Two names to consider for Oakland: Ole Miss wide receiver A.J. Brown may not be a great athlete which could result in a draft day slide, but if he’s sitting there at no. 36 with the Raiders first second round pick, it would be hard to pass him up. His ability to play as a big slot right away as well as project to the outside could make him a versatile security target underneath, who can also make things happen after the catch.
Another is Georgia wide receiver Riley Ridley, who I believe will be one of the big risers of the class. Size, hands, route-running and athleticism in the air are all there for Ridley, and if he runs a strong 40, he’s going to skyrocket up boards. He could be the perfect fit for Gruden as a big outside target.
Being active in the draft doesn’t mean the Raiders should be idle in free agency however. John Brown has had a career resurrection in Baltimore, and should hit the market this offseason. Baltimore will likely try to get him back, but the Raiders have the space to give him a tremendous offer. He’s a true speedster who can play inside or outside and give the Oakland receiving room the big play threat it desperately needs.
Summarizing the offseason plan
1. Do everything possible to draft Justin Herbert if he declares. He has all the skills needed to develop into a franchise quarterback.
2. If you have to move your second and third first rounders and a pick next year for a chance to land Herbert and Bosa, do it.
3. If Herbert doesn’t declare, make Bosa and Deionte Thompson the top priorities.
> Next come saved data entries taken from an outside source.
(* Let $1\le r\le n$, let $B^{(1)},\dots,B^{(r)}\in\mathbb{C}^{n\times n}$ be Hermitian, and let $\tilde g(U)=\sum_{q=1}^ru_q^HB^{(q)}u_q$ for $U=(u_1,\dots,u_n)\in\mathcal{U}_n$. Let $U\in\mathcal{U}_n$ and $1\le i<j\le n$ with $i\le r$. Then there exist a real symmetric $M\in\mathbb{R}^{3\times3}$ and $C\in\mathbb{R}$ such that $\tilde g(UG_{ij}(\Psi(\theta,\phi)))=z_{1,1}(\theta,\phi)^TMz_{1,1}(\theta,\phi)+C$ for all $\theta,\phi\in\mathbb{R}$.
   Context: $\mathcal{U}_n$ is the group of $n\times n$ unitary matrices. $G_{ij}(\Psi)$ is the $n\times n$ identity with entries $(i,i),(i,j),(j,i),(j,j)$ replaced by $\Psi_{11},\Psi_{12},\Psi_{21},\Psi_{22}$; $\Psi(\theta,\phi)=\begin{bmatrix}\cos\theta&-\sin\theta e^{\mathrm{i}\phi}\\ \sin\theta e^{-\mathrm{i}\phi}&\cos\theta\end{bmatrix}$; $z_{1,1}(\theta,\phi)=(\cos\theta,-\sin\theta\cos\phi,-\sin\theta\sin\phi)^T$. *)

From HB Require Import structures.
From mathcomp Require Import all_boot all_order all_algebra.
From mathcomp Require Import complex.
From mathcomp Require Import reals trigo.
Set Implicit Arguments. Unset Strict Implicit. Unset Printing Implicit Defensive.
Import Order.TTheory GRing.Theory Num.Theory.
Local Open Scope ring_scope.
Local Open Scope complex_scope.

Section Defs.
Variable R : realType.
Local Notation C := R[i].

Definition ctrmx (m n : nat) (A : 'M[C]_(m, n)) : 'M[C]_(n, m) :=
  map_mx (fun z : C => z^*) A^T.

Definition hermitian_mx (n : nat) (A : 'M[C]_n) : Prop := ctrmx A = A.

Definition unitary_mx (n : nat) (U : 'M[C]_n) : Prop := U *m ctrmx U = 1%:M.

Definition Psi (theta phi : R) : 'M[C]_2 :=
  let e := (cos phi +i* sin phi) in
  let e' := (cos phi +i* (- sin phi)) in
  \matrix_(a < 2, b < 2)
    if (a == 0%N :> nat) && (b == 0%N :> nat) then (cos theta)%:C
    else if (a == 0%N :> nat) then - ((sin theta)%:C * e)
    else if (b == 0%N :> nat) then (sin theta)%:C * e'
    else (cos theta)%:C.

Definition Gmx (n : nat) (i j : 'I_n) (P : 'M[C]_2) : 'M[C]_n :=
  \matrix_(k < n, l < n)
    if (k == i) && (l == i) then P 0 0
    else if (k == i) && (l == j) then P 0 1
    else if (k == j) && (l == i) then P 1 0
    else if (k == j) && (l == j) then P 1 1
    else (k == l)%:R.

Definition z11 (theta phi : R) : 'cV[R]_3 :=
  \col_(a < 3)
    if (a == 0%N :> nat) then cos theta
    else if (a == 1%N :> nat) then - (sin theta * cos phi)
    else - (sin theta * sin phi).

Definition gtilde (n r : nat) (hr : (r <= n)%N) (B : 'I_r -> 'M[C]_n)
  (U : 'M[C]_n) : C :=
  \sum_(q < r)
    (ctrmx (col (widen_ord hr q) U) *m B q *m col (widen_ord hr q) U) 0 0.

End Defs.

From HB Require Import structures.
From mathcomp Require Import all_boot all_order all_algebra.
From mathcomp Require Import complex.
From mathcomp Require Import reals trigo.
From mathcomp Require Import ring lra.
Import Order.TTheory GRing.Theory Num.Theory.
Local Open Scope ring_scope.
Local Open Scope complex_scope.

(* Right multiplication by G_ij(Psi(theta, phi)) only replaces the columns
   u_i, u_j of U by c u_i + s e^{-i phi} u_j and -s e^{i phi} u_i + c u_j
   (c = cos theta, s = sin theta).  For a Hermitian B, expanding u^H B u on
   such a column gives alpha c^2 + beta s^2 + 2 c s (g1 cos phi + g2 sin phi)
   with alpha, beta the (real) diagonal values and g1 + i g2 = u_i^H B u_j;
   since z_{1,1} = (c, -s cos phi, -s sin phi), this is a symmetric quadratic
   form in z_{1,1}.  All other columns contribute real constants. *)

Set Implicit Arguments.
Unset Strict Implicit.

Section HermitianForm.
Variable R : realType.
Local Notation C := R[i].

Lemma ctrmx_mul m n p (A : 'M[C]_(m, n)) (B : 'M[C]_(n, p)) :
  ctrmx (A *m B) = ctrmx B *m ctrmx A.
Proof. by rewrite /ctrmx trmx_mul map_mxM. Qed.

Lemma ctrmxK m n (A : 'M[C]_(m, n)) : ctrmx (ctrmx A) = A.
Proof. by apply/matrixP => a b; rewrite !mxE conjcK. Qed.

Lemma ctrmxD m n (A B : 'M[C]_(m, n)) : ctrmx (A + B) = ctrmx A + ctrmx B.
Proof. by apply/matrixP => a b; rewrite !mxE rmorphD. Qed.

Lemma ctrmxZ m n (a : C) (A : 'M[C]_(m, n)) : ctrmx (a *: A) = a^* *: ctrmx A.
Proof. by apply/matrixP => k l; rewrite !mxE rmorphM. Qed.

Definition hform n (A : 'M[C]_n) (x y : 'cV[C]_n) : C := (ctrmx x *m A *m y) 0 0.

Lemma hform_comb2 n (A : 'M[C]_n) (a b : C) (x y : 'cV[C]_n) :
  let v := a *: x + b *: y in
  hform A v v = a^* * a * hform A x x + a^* * b * hform A x y
              + b^* * a * hform A y x + b^* * b * hform A y y.
Proof.
rewrite /hform ctrmxD !ctrmxZ !mulmxDl !mulmxDr -!scalemxAl -!scalemxAr.
by rewrite !mxE; ring.
Qed.

Lemma hform_conj n (A : 'M[C]_n) (x y : 'cV[C]_n) :
  hermitian_mx A -> hform A y x = (hform A x y)^*.
Proof.
move=> hA; have -> : (hform A x y)^* = (ctrmx (ctrmx x *m A *m y)) 0 0.
  by rewrite /hform !mxE.
by rewrite !ctrmx_mul ctrmxK hA mulmxA.
Qed.

Lemma hform_real n (A : 'M[C]_n) (x : 'cV[C]_n) :
  hermitian_mx A -> hform A x x = (complex.Re (hform A x x))%:C.
Proof.
move=> /(hform_conj x x); case: (hform A x x) => a b /= [b_eq].
by rewrite /real_complex_def; congr (_ +i* _); lra.
Qed.

End HermitianForm.

Section GivensColumns.
Variable R : realType.
Local Notation C := R[i].

Lemma col_Gmx n (i j k : 'I_n) (P : 'M[C]_2) : i != j ->
  col k (Gmx i j P) =
  if k == i then P 0 0 *: col i 1%:M + P 1 0 *: col j 1%:M
  else if k == j then P 0 1 *: col i 1%:M + P 1 1 *: col j 1%:M
  else col k 1%:M.
Proof.
move=> nij; apply/matrixP => l z; rewrite !mxE.
have [->|kNi] := eqVneq k i; last have [->|kNj] := eqVneq k j;
have [->|lNi] := eqVneq l i; try have [->|lNj] := eqVneq l j;
rewrite ?mxE ?eqxx ?(negbTE nij) 1?(eq_sym j) ?(negbTE nij) ?andbT ?andbF /=;
by [ring | rewrite (negbTE lNi) (negbTE lNj) /=; ring].
Qed.

Lemma col_mulmx_Gmx n (i j k : 'I_n) (P : 'M[C]_2) (U : 'M[C]_n) : i != j ->
  col k (U *m Gmx i j P) =
  if k == i then P 0 0 *: col i U + P 1 0 *: col j U
  else if k == j then P 0 1 *: col i U + P 1 1 *: col j U
  else col k U.
Proof.
move=> nij; rewrite colE -mulmxA -colE col_Gmx //.
have mulmx_col1 l : U *m col l 1%:M = col l U by rewrite col1 colE.
by case: ifP => _; [|case: ifP => _]; rewrite ?mulmxDr -?scalemxAr ?mulmx_col1.
Qed.

End GivensColumns.

Section Z11Quadratic.
Variable R : realType.
Local Notation C := R[i].

Definition z11_quadratic (f : R -> R -> C) : Prop :=
  exists (M : 'M[R]_3) (c : R), M^T = M /\
    forall theta phi,
      f theta phi = (((z11 theta phi)^T *m M *m z11 theta phi) 0 0 + c)%:C.

Lemma eq_z11_quadratic (f g : R -> R -> C) :
  (forall theta phi, f theta phi = g theta phi) ->
  z11_quadratic f -> z11_quadratic g.
Proof.
by move=> fg [M [c [symM fE]]]; exists M, c; split=> // theta phi; rewrite -fg.
Qed.

Lemma z11_quadratic_cst (c : R) : z11_quadratic (fun _ _ => c%:C).
Proof.
by exists 0, c; split=> [|theta phi]; rewrite ?trmx0 ?mulmx0 ?mul0mx ?mxE ?add0r.
Qed.

Lemma z11_quadraticD (f g : R -> R -> C) :
  z11_quadratic f -> z11_quadratic g ->
  z11_quadratic (fun theta phi => f theta phi + g theta phi).
Proof.
move=> [M [c [symM fE]]] [N [d [symN gE]]].
exists (M + N), (c + d); split=> [|theta phi]; first by rewrite linearD /= symM symN.
by rewrite fE gE -rmorphD mulmxDr mulmxDl [in RHS]mxE addrACA.
Qed.

Lemma z11_quadratic_sum (I : finType) (F : I -> R -> R -> C) :
  (forall q, z11_quadratic (F q)) ->
  z11_quadratic (fun theta phi => \sum_q F q theta phi).
Proof.
move=> Fq; rewrite unlock; elim: (index_enum I) => [|q s IHs] /=.
  exact: z11_quadratic_cst 0.
exact: z11_quadraticD.
Qed.

Definition rot_quad (alpha beta g1 g2 theta phi : R) : R :=
  alpha * cos theta ^+ 2 + beta * sin theta ^+ 2
  + 2 * cos theta * sin theta * (g1 * cos phi + g2 * sin phi).

Lemma rot_quadE alpha beta g1 g2 theta phi :
  rot_quad alpha beta g1 g2 theta phi =
  alpha * cos theta ^+ 2 + beta * (sin theta ^+ 2 * (cos phi ^+ 2 + sin phi ^+ 2))
  + 2 * cos theta * sin theta * (g1 * cos phi + g2 * sin phi).
Proof. by rewrite cos2Dsin2 mulr1. Qed.

Lemma z11_quadratic_rot_quad (alpha beta g1 g2 : R) :
  z11_quadratic (fun theta phi => (rot_quad alpha beta g1 g2 theta phi)%:C).
Proof.
pose rows := [:: [:: alpha; - g1; - g2]; [:: - g1; beta; 0]; [:: - g2; 0; beta]].
exists (\matrix_(k < 3, l < 3) nth 0 (nth [::] rows k) l), 0.
split=> [|theta phi].
  by apply/matrixP => -[[|[|[|?]]] ?] [[|[|[|?]]] ?]; rewrite !mxE.
rewrite addr0 !mxE !big_ord_recr !big_ord0 /= !mxE !big_ord_recr !big_ord0 /= !mxE /=.
by rewrite rot_quadE; congr (_%:C); ring.
Qed.

End Z11Quadratic.

Section GivensHermitianForm.
Variable R : realType.
Local Notation C := R[i].
Variables (n : nat) (A : 'M[C]_n) (x y : 'cV[C]_n).
Hypothesis hA : hermitian_mx A.

Lemma hform_Psi_col0 theta phi :
  let v := Psi theta phi 0 0 *: x + Psi theta phi 1 0 *: y in
  hform A v v = (rot_quad (complex.Re (hform A x x)) (complex.Re (hform A y y))
                  (complex.Re (hform A x y)) (complex.Im (hform A x y)) theta phi)%:C.
Proof.
rewrite /= hform_comb2 (hform_conj x y hA).
move: (hform_real x hA) (hform_real y hA).
case: (hform A x x) => a ?; case: (hform A y y) => b ?.
case: (hform A x y) => g1 g2 /= -> ->.
rewrite !mxE /= rot_quadE /real_complex_def; simpc.
by congr (_ +i* _); ring.
Qed.

Lemma hform_Psi_col1 theta phi :
  let v := Psi theta phi 0 1 *: x + Psi theta phi 1 1 *: y in
  hform A v v = (rot_quad (complex.Re (hform A y y)) (complex.Re (hform A x x))
                  (- complex.Re (hform A x y)) (- complex.Im (hform A x y))
                  theta phi)%:C.
Proof.
rewrite /= hform_comb2 (hform_conj x y hA).
move: (hform_real x hA) (hform_real y hA).
case: (hform A x x) => a ?; case: (hform A y y) => b ?.
case: (hform A x y) => g1 g2 /= -> ->.
rewrite !mxE /= rot_quadE /real_complex_def; simpc.
by congr (_ +i* _); ring.
Qed.

End GivensHermitianForm.

Theorem corollary3p6 (R : realType) (n r : nat) (hr1 : (1 <= r)%N)
  (hr : (r <= n)%N) (B : 'I_r -> 'M[R[i]]_n)
  (hB : forall q, hermitian_mx (B q))
  (U : 'M[R[i]]_n) (hU : unitary_mx U) (i j : 'I_n)
  (hij : (i < j)%N) (hir : (i < r)%N) :
  exists (M : 'M[R]_3) (c : R), M^T = M /\
    forall theta phi : R,
      gtilde hr B (U *m Gmx i j (Psi theta phi)) =
      (((z11 theta phi)^T *m M *m z11 theta phi) 0 0 + c)%:C.
Proof.
have nij : i != j by rewrite neq_ltn hij.
suff [M [c [symM gE]]] :
    z11_quadratic (fun theta phi => gtilde hr B (U *m Gmx i j (Psi theta phi))).
  by exists M, c.
apply: eq_z11_quadratic (z11_quadratic_sum (F := fun q theta phi =>
  let v := col (widen_ord hr q) (U *m Gmx i j (Psi theta phi)) in
  hform (B q) v v) _) => // q.
set k := widen_ord hr q.
have [ki|kNi] := eqVneq k i; last have [kj|kNj] := eqVneq k j.
- apply: eq_z11_quadratic (z11_quadratic_rot_quad _ _ _ _) => theta phi.
  by rewrite /= col_mulmx_Gmx // ki eqxx hform_Psi_col0.
- apply: eq_z11_quadratic (z11_quadratic_rot_quad _ _ _ _) => theta phi.
  by rewrite /= col_mulmx_Gmx // kj eqxx eq_sym (negbTE nij) hform_Psi_col1.
- pose u := col k U.
  apply: eq_z11_quadratic (z11_quadratic_cst (complex.Re (hform (B q) u u))).
  by move=> theta phi; rewrite /= col_mulmx_Gmx // (negbTE kNi) (negbTE kNj) -hform_real.
Qed.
Don’t reach for a quarterback with a small percentage chance of becoming “the guy” because you have a need at the position.
4. Use your third first round pick or early second round pick (36th overall) on a wide receiver and another pass rusher in whatever order is best depending on how the board falls.
5. Sign John Brown and one of the top corners in free agency, preferably Bradley Roby or Ronald Darby.
6. Develop your 2018 draft picks and don’t try to replace them after one season, as much as they may be struggling. If you don’t trust your process, this rebuilding thing never has a shot.
And just like that, the Raiders could be on their way to brighter days in a very brief period of time. They’ve put the entire direction of the franchise on this year’s draft and next, and if that process doesn’t yield impact players at key positions, they’ll be failing before they even begin.